The COMPARE Procedure |
Results Reporting |
PROC COMPARE reports the results of its comparisons in the following ways:
the SAS log
return codes stored in the automatic macro SYSINFO
procedure output
output data sets.
SAS Log |
When you use the WARNING, PRINTALL, or ERROR option, PROC COMPARE writes a description of the differences to the SAS log.
Macro Return Codes (SYSINFO) |
PROC COMPARE stores a return code in the automatic macro variable SYSINFO. The value of the return code provides information about the result of the comparison. By checking the value of SYSINFO after PROC COMPARE has run and before any other step begins, SAS macros can use the results of a PROC COMPARE step to determine what action to take or what parts of a SAS program to execute.
The following table is a key for interpreting the SYSINFO return code from PROC COMPARE. For each of the conditions listed, the associated value is added to the return code if the condition is true. Thus, the SYSINFO return code is the sum of the codes listed in the following table for the applicable conditions:
Bit | Condition | Code | Hex | Description |
---|---|---|---|---|
1 | DSLABEL | 1 | 0001X | Data set labels differ |
2 | DSTYPE | 2 | 0002X | Data set types differ |
3 | INFORMAT | 4 | 0004X | Variable has different informat |
4 | FORMAT | 8 | 0008X | Variable has different format |
5 | LENGTH | 16 | 0010X | Variable has different length |
6 | LABEL | 32 | 0020X | Variable has different label |
7 | BASEOBS | 64 | 0040X | Base data set has observation not in comparison |
8 | COMPOBS | 128 | 0080X | Comparison data set has observation not in base |
9 | BASEBY | 256 | 0100X | Base data set has BY group not in comparison |
10 | COMPBY | 512 | 0200X | Comparison data set has BY group not in base |
11 | BASEVAR | 1024 | 0400X | Base data set has variable not in comparison |
12 | COMPVAR | 2048 | 0800X | Comparison data set has variable not in base |
13 | VALUE | 4096 | 1000X | A value comparison was unequal |
14 | TYPE | 8192 | 2000X | Conflicting variable types |
15 | BYVAR | 16384 | 4000X | BY variables do not match |
16 | ERROR | 32768 | 8000X | Fatal error: comparison not done |
These codes are ordered and scaled to enable a simple check of the degree to which the data sets differ. For example, if you want to check that two data sets contain the same variables, observations, and values, but you do not care about differences in labels, formats, and so on, then use the following statements:
proc compare base=SAS-data-set compare=SAS-data-set; run; %if &sysinfo >= 64 %then %do; handle error; %end;
You can examine individual bits in the SYSINFO value by using DATA step bit-testing features to check for specific conditions. For example, to check for the presence of observations in the base data set that are not in the comparison data set, use the following statements:
proc compare base=SAS-data-set compare=SAS-data-set; run; %let rc=&sysinfo; data _null_; if &rc='1......'b then put 'Observations in Base but not in Comparison Data Set'; run;
PROC COMPARE must run before you check SYSINFO and you must obtain the SYSINFO value before another SAS step starts because every SAS step resets SYSINFO.
Procedure Output |
The following sections show and describe the default output of the two data sets shown in Overview: COMPARE Procedure. Because PROC COMPARE produces lengthy output, the output is presented in seven pieces.

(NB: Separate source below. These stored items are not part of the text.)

Lemma cdot_adjA u w : cdot (capply A u) w = cdot u (capply A w).
Proof.
rewrite cdot_capplyT; congr (cdot u (capply _ w)).
by do 2 apply: functional_extensionality => ?; rewrite /adjA cube_adjC.
Qed.

Lemma E1_cdot_chiS v S : inE1 v -> #|S| != 1%N -> cdot v (chiS S) = 0.
Proof.
move=> Ev S1; set c := cdot v (chiS S).
have := cdot_adjA v (chiS S); rewrite Ev adjA_chiS.
have -> : cdot (fun x => (D%:R - 2) * v x) (chiS S) = (D%:R - 2) * c.
  by rewrite /c /cdot mulr_sumr; apply: eq_bigr => x _; rewrite mulrA.
have -> : cdot v (fun x => (D%:R - 2 * #|S|%:R) * chiS S x) = (D%:R - 2 * #|S|%:R) * c.
  by rewrite /c /cdot mulr_sumr; apply: eq_bigr => x _; ring.
move/eqP; rewrite -subr_eq0 (_ : _ - _ = 2 * (#|S|%:R - 1) * c); last by ring.
by rewrite !mulf_eq0 pnatr_eq0 subr_eq0 pnatr_eq1 (negbTE S1) => /eqP.
Qed.

Definition chi_coord v i : R := cdot v (chi i) / 2 ^+ D.

Definition chi_comb (c : 'I_D -> R) : cvec R D := fun x => \sum_i c i * chi i x.

Lemma E1_expand v : inE1 v -> v = chi_comb (chi_coord v).
Proof.
move=> Ev; apply: functional_extensionality => x.
have n2 : (2 ^+ D : R) != 0 by rewrite expf_neq0 // pnatr_eq0.
rewrite -(sum_delta x v).
under eq_bigr => y _ do rewrite eq_sym -(mulKf n2 (_%:R)) -sum_chiS_mul -mulrA mulr_suml.
rewrite -mulr_sumr exchange_big /=.
under eq_bigr => S _.
  rewrite (_ : \sum_y _ = chiS S x * cdot v (chiS S)); last first.
    by rewrite /cdot mulr_sumr; apply: eq_bigr => y _; rewrite -mulrA [v y * _]mulrC.
over.
rewrite (bigID (fun S => #|S| == 1%N)) /= [X in _ + X]big1 ?addr0; last first.
  by move=> S S1; rewrite E1_cdot_chiS ?mulr0.
rewrite big_cards1 mulr_sumr; apply: eq_bigr => i _.
by rewrite /chi_coord /chi; ring.
Qed.

Lemma capply_chi_comb (M : cmx R D) c :
  capply M (chi_comb c) = (fun x => \sum_i c i * capply M (chi i) x).
Proof.
apply: functional_extensionality => x; rewrite /capply /chi_comb.
under eq_bigr => y _ do rewrite mulr_sumr.
rewrite exchange_big /=; apply: eq_bigr => i _.
by rewrite mulr_sumr; apply: eq_bigr => y _; rewrite mulrCA.
Qed.

Lemma A_like_inE1 (B : cmx R D) v : A_like B -> inE1 v -> inE1 (capply B v).
Proof.
move=> [BA _] Ev; apply: functional_extensionality => x.
rewrite -capply_cmul -BA capply_cmul Ev /capply mulr_sumr.
by apply: eq_bigr => y _; rewrite mulrCA.
Qed.

Lemma antisym_skew (B : cmx R D) u w : antisym B ->
  cdot (capply B u) w = - cdot u (capply B w).
Proof.
move=> BN; rewrite cdot_capplyT /cdot /capply -sumrN; apply: eq_bigr => x _.
rewrite -mulrN -sumrN; congr (_ * _); apply: eq_bigr => y _.
by rewrite BN mulNr.
Qed.

Lemma antisym_A_like_edge_mx (B : cmx R D) : antisym B -> A_like B ->
  B = edge_mx (fun m x => B x (flip x m)).
Proof.
move=> BN [_ B0]; apply: edge_mxP => x y nxy.
have [<-|/B0] := eqVneq x y; last exact.
exact/opp_fixed_eq0/BN.
Qed.

(* Compare the diagonal entries of [B A] and [A B]. *)
Lemma A_like_row_sum0 (B : cmx R D) x : antisym B -> A_like B ->
  \sum_m B x (flip x m) = 0.
Proof.
move=> BN BL; apply: opp_fixed_eq0.
have BAxx : cmul B A x x = \sum_m B x (flip x m).
  rewrite {1}(antisym_A_like_edge_mx BN BL) cmul_edge_mx.
  by apply: eq_bigr => m _; rewrite /adjA cube_adjC cube_adj_flip mulr1.
have ABxx : cmul A B x x = - \sum_m B x (flip x m).
  rewrite adjA_edge_mx cmul_edge_mx -sumrN.
  by apply: eq_bigr => m _; rewrite mul1r BN.
by rewrite -{1}BAxx -ABxx (proj1 BL).
Qed.

Lemma edge_mx_chi f i x : \sum_m f m x = 0 ->
  capply (edge_mx f) (chi i) x = -2 * f i x * chi i x.
Proof.
move=> f0; rewrite capply_edge_mx.
under eq_bigr => m _ do rewrite chi_flip mulrA.
by rewrite -mulr_suml sum_flip_sign f0; ring.
Qed.

Lemma A_like_restr_inj (B1 B2 : cmx R D) :
  antisym B1 -> A_like B1 -> antisym B2 -> A_like B2 ->
  (forall v, inE1 v -> capply B1 v = capply B2 v) -> B1 = B2.
Proof.
move=> B1N B1L B2N B2L B12.
rewrite (antisym_A_like_edge_mx B1N B1L) (antisym_A_like_edge_mx B2N B2L).
congr edge_mx; apply: functional_extensionality => i; apply: functional_extensionality => x.
have := congr1 (fun v => v x) (B12 _ (chi_inE1 i)).
rewrite /= {1}(antisym_A_like_edge_mx B1N B1L) {1}(antisym_A_like_edge_mx B2N B2L).
rewrite !edge_mx_chi ?A_like_row_sum0 // => /(mulIf (chi_neq0 i x)).
by move/(mulrI _); apply; rewrite unitfE oppr_eq0 pnatr_eq0.
Qed.

Lemma edge_mx_antisym f : (forall m x, f m (flip x m) = - f m x) -> antisym (edge_mx f).
Proof.
move=> fN x y; rewrite /edge_mx -sumrN; apply: eq_bigr => m _.
by rewrite eq_flip_sym; case: eqP => [->|_]; rewrite ?fN ?mul1r ?mul0r ?oppr0.
Qed.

This report lists the attributes of the data sets that are being compared. These attributes include the following:
the data set names
the data set types, if any
the data set labels, if any
the dates created and last modified
the number of variables in each data set
the number of observations in each data set.
The following output shows the Data Set Summary.
COMPARE Procedure Comparison of PROCLIB.ONE with PROCLIB.TWO (Method=EXACT) Data Set Summary Dataset Created Modified NVar NObs Label PROCLIB.ONE 11SEP97:15:11:07 11SEP97:15:11:09 5 4 First Data Set PROCLIB.TWO 11SEP97:15:11:10 11SEP97:15:11:10 6 5 Second Data Set
This report compares the variables in the two data sets. The first part of the report lists the following:
the number of variables the data sets have in common
the number of variables in the base data set that are not in the comparison data set and vice versa
the number of variables in both data sets that have different types
the number of variables that differ on other attributes (length, label, format, or informat)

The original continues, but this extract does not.